EBITA for the review period was EUR 2,694 (5,010) thousand, or
4.6% (7.7%) of revenue.
Subcontracting costs arising from the use of external services
in the review period totalled EUR 12,131 (14,236) thousand, or
20.5% of revenue (21.8%). Employee benefit expenses for the review
period decreased to EUR 36,588 (37,826) thousand and amounted to
61.8% (57.9%) of revenue. The decrease in employee benefit expenses
was driven by the reduction in number of the Group’s personnel. At
the end of the year-half, the Group's number of personnel totalled
966 (1,061).
Other operating expenses decreased from the previous year to EUR
6,100 (6,541) thousand, or 10.3% (10.0%) of revenue. The largest
expense items were IT expenses, voluntary personnel expenses and
purchased expert services.
EBIT for the year-half was EUR 2,110 (4,149) thousand, or 3.6%
(6.3%) of revenue. Net financial income totalled EUR 343 (415)
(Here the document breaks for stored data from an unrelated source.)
Lemma ln_le_compat (x y : R) : 0 < x -> x <= y -> ln x <= ln y.
Proof.
  intros Hx Hxy. destruct (Rle_lt_or_eq_dec _ _ Hxy) as [Hlt | ->].
  - left. apply ln_increasing; assumption.
  - right. reflexivity.
Qed.

Lemma ln_le_sub_one (y : R) : 0 < y -> ln y <= y - 1.
Proof.
  intro Hy. pose proof (exp_ineq1_le (ln y)) as H. rewrite exp_ln in H; lra.
Qed.

(** The same bound applied to [/ y]. *)
Lemma one_sub_inv_le_ln (y : R) : 0 < y -> 1 - / y <= ln y.
Proof.
  intro Hy. pose proof (ln_le_sub_one (/ y) (Rinv_0_lt_compat _ Hy)) as H.
  rewrite ln_Rinv in H by exact Hy. lra.
Qed.

Lemma ln_succ_sub_le (m : R) : 0 < m -> ln (m + 1) - ln m <= / m.
Proof.
  intro Hm.
  replace (m + 1) with (m * (1 + / m)) by (field; lra).
  assert (Hinv : 0 < / m) by (apply Rinv_0_lt_compat; exact Hm).
  rewrite ln_mult by lra.
  pose proof (ln_le_sub_one (1 + / m)). lra.
Qed.

Lemma div_le_of_le_mul (a b d : R) : 0 < d -> a <= b * d -> a / d <= b.
Proof.
  intros Hd H. apply Rmult_le_reg_r with d; [exact Hd |].
  unfold Rdiv. rewrite Rmult_assoc, Rinv_l by lra. lra.
Qed.

(** [e >= (17/16)^16 >= 2.63]. *)
Lemma exp_1_ge : 263 / 100 <= exp 1.
Proof.
  replace (exp 1) with (exp (INR 16 * (1 / 16))) by (f_equal; simpl; field).
  eapply Rle_trans; [| apply pow_le_exp; lra]. simpl. lra.
Qed.

(** [e^{1.4} >= (1.014)^100 >= 4], i.e. [ln 4 <= 1.4]. *)
Lemma ln_4_le : ln 4 <= 14 / 10.
Proof.
  rewrite <- (ln_exp (14 / 10)). apply ln_le_compat; [lra |].
  replace (14 / 10) with (INR 100 * (14 / 1000)) by (simpl; field).
  eapply Rle_trans; [| apply pow_le_exp; lra]. simpl. lra.
Qed.

(** [exp (-2) <= 3/20], since [e^2 >= 2.63^2]. *)
Lemma exp_m2_le : exp (-2) <= 3 / 20.
Proof.
  pose proof exp_1_ge as He.
  assert (Hsq : exp (-2) * exp 1 ^ 2 = 1).
  { rewrite <- (exp_nat_mul 2), <- exp_plus. simpl INR.
    replace (-2 + (1 + 1) * 1) with 0 by ring. apply exp_0. }
  pose proof (exp_pos (-2)). simpl in Hsq. nra.
Qed.

(** [exp (-1/2) <= 0.62], since [exp (-1/2)^2 = 1/e <= 1/2.63]. *)
Lemma exp_mhalf_le : exp (- (1 / 2)) <= 31 / 50.
Proof.
  pose proof exp_1_ge as He.
  assert (Hsq : exp (- (1 / 2)) ^ 2 * exp 1 = 1).
  { rewrite <- exp_nat_mul, <- exp_plus. simpl INR.
    replace ((1 + 1) * - (1 / 2) + 1) with 0 by field. apply exp_0. }
  pose proof (exp_pos (- (1 / 2))). simpl in Hsq. nra.
Qed.

(** [ln y >= 2] as soon as [y >= 10 >= e^2]. *)
Lemma ln_ge_2 (y : R) : 10 <= y -> 2 <= ln y.
Proof.
  intro Hy. rewrite <- (ln_exp 2). apply ln_le_compat; [apply exp_pos |].
  replace 2 with (INR 2 * 1) by (simpl; ring). rewrite exp_nat_mul.
  pose proof exp_le_3. pose proof (exp_pos 1). simpl. nra.
Qed.

(** [ln 10 / 5 <= ln 1.6], because [1.6^5 >= 10]. *)
Lemma ln_10_div_5_le : ln 10 / 5 <= ln (16 / 10).
Proof.
  assert (H : ln 10 <= INR 5 * ln (16 / 10)).
  { rewrite <- ln_pow by lra. apply ln_le_compat; [lra | simpl; lra]. }
  simpl in H. lra.
Qed.

(** [ln m / m] decreases over a unit step once [ln m >= 1], since
    [m (ln (m+1) - ln m) <= 1]. *)
Lemma ln_div_step (m : R) : 3 <= m -> ln (m + 1) / (m + 1) <= ln m / m.
Proof.
  intro Hm.
  assert (Hln : 1 <= ln m).
  { rewrite <- (ln_exp 1). apply ln_le_compat; [apply exp_pos |].
    pose proof exp_le_3. lra. }
  pose proof (ln_succ_sub_le m ltac:(lra)) as Hstep.
  assert (Hmul : m * (ln (m + 1) - ln m) <= 1).
  { apply Rle_trans with (m * / m); [apply Rmult_le_compat_l; lra | right; field; lra]. }
  apply Rmult_le_reg_r with (m * (m + 1)); [nra |].
  replace (ln (m + 1) / (m + 1) * (m * (m + 1))) with (m * ln (m + 1)) by (field; lra).
  replace (ln m / m * (m * (m + 1))) with ((m + 1) * ln m) by (field; lra).
  lra.
Qed.

Lemma ln_div_antitone (M n : nat) : (3 <= M)%nat -> (M <= n)%nat ->
  ln (INR n) / INR n <= ln (INR M) / INR M.
Proof.
  intros HM Hn. induction Hn as [| n Hn IH]; [lra |].
  rewrite S_INR. eapply Rle_trans; [apply ln_div_step | exact IH].
  apply (le_INR 3) in HM. apply (le_INR M) in Hn. simpl in HM. lra.
Qed.

Lemma fact_pos_R (k : nat) : 0 < INR (fact k).
Proof. apply lt_0_INR, lt_O_fact. Qed.

(** Stirling-type lower bound [j! >= exp (j ln j - j + 1)], by induction using
    [j (ln (j+1) - ln j) <= 1]. *)
Lemma fact_ge_exp (j : nat) : (1 <= j)%nat ->
  exp (INR j * ln (INR j) - INR j + 1) <= INR (fact j).
Proof.
  intro Hj. induction Hj as [| j Hj IH].
  - simpl. rewrite ln_1, <- exp_0. right. f_equal. ring.
  - apply (le_INR 1) in Hj. simpl in Hj.
    change (fact (S j)) with (S j * fact j)%nat. rewrite mult_INR, S_INR.
    assert (Hstep : INR j * ln (INR j + 1) <= INR j * ln (INR j) + 1).
    { pose proof (ln_succ_sub_le (INR j) ltac:(lra)) as H.
      assert (Hmul : INR j * (ln (INR j + 1) - ln (INR j)) <= INR j * / INR j)
        by (apply Rmult_le_compat_l; lra).
      rewrite Rinv_r in Hmul by lra. lra. }
    replace ((INR j + 1) * ln (INR j + 1) - (INR j + 1) + 1)
      with (ln (INR j + 1) + (INR j * ln (INR j + 1) - INR j)) by ring.
    rewrite exp_plus, exp_ln by lra.
    apply Rmult_le_compat_l; [lra |].
    eapply Rle_trans; [| exact IH]. apply exp_le_compat. lra.
Qed.

Definition falling (n j : nat) : R := INR (fact n) / INR (fact (n - j)).

Lemma falling_nonneg (n j : nat) : 0 <= falling n j.
Proof.
  unfold falling. pose proof (fact_pos_R n). pose proof (fact_pos_R (n - j)).
  left. apply Rdiv_lt_0_compat; lra.
Qed.

Lemma falling_succ (n j : nat) : (S j <= n)%nat ->
  falling n (S j) = falling n j * INR (n - j).
Proof.
  intro H. unfold falling.
  replace (n - j)%nat with (S (n - S j)) by lia.
  change (fact (S (n - S j))) with (S (n - S j) * fact (n - S j))%nat.
  rewrite mult_INR. pose proof (fact_pos_R (n - S j)).
  assert (0 < INR (S (n - S j))) by (apply lt_0_INR; lia).
  field. lra.
Qed.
thousand. In the review period, the Group recognised net financial
income of EUR 695 (1,522) thousand due to fair value adjustment on
contingent consideration liabilities. The profit for the period
before taxes was EUR 2,453 (4,564) thousand and earnings per share
were EUR 0.22 (0.44).
FINANCING AND CAPITAL EXPENDITURE
The Group’s statement of financial position totalled EUR 86,524
(100,267) thousand at the end of the first year-half. The Group’s
equity ratio was 46.6% (40.9%), return on investment (ROI) was 9.3%
(15.5%), and the net debt to EBITDA ratio was 0.44 (0.29).
The Group’s cash flow from operations year grew by 46.9%
year-on-year to EUR 4,851 (3,301) thousand. The growth of the cash
flow from operations was driven by the significantly lower
operating capital than in the comparison period.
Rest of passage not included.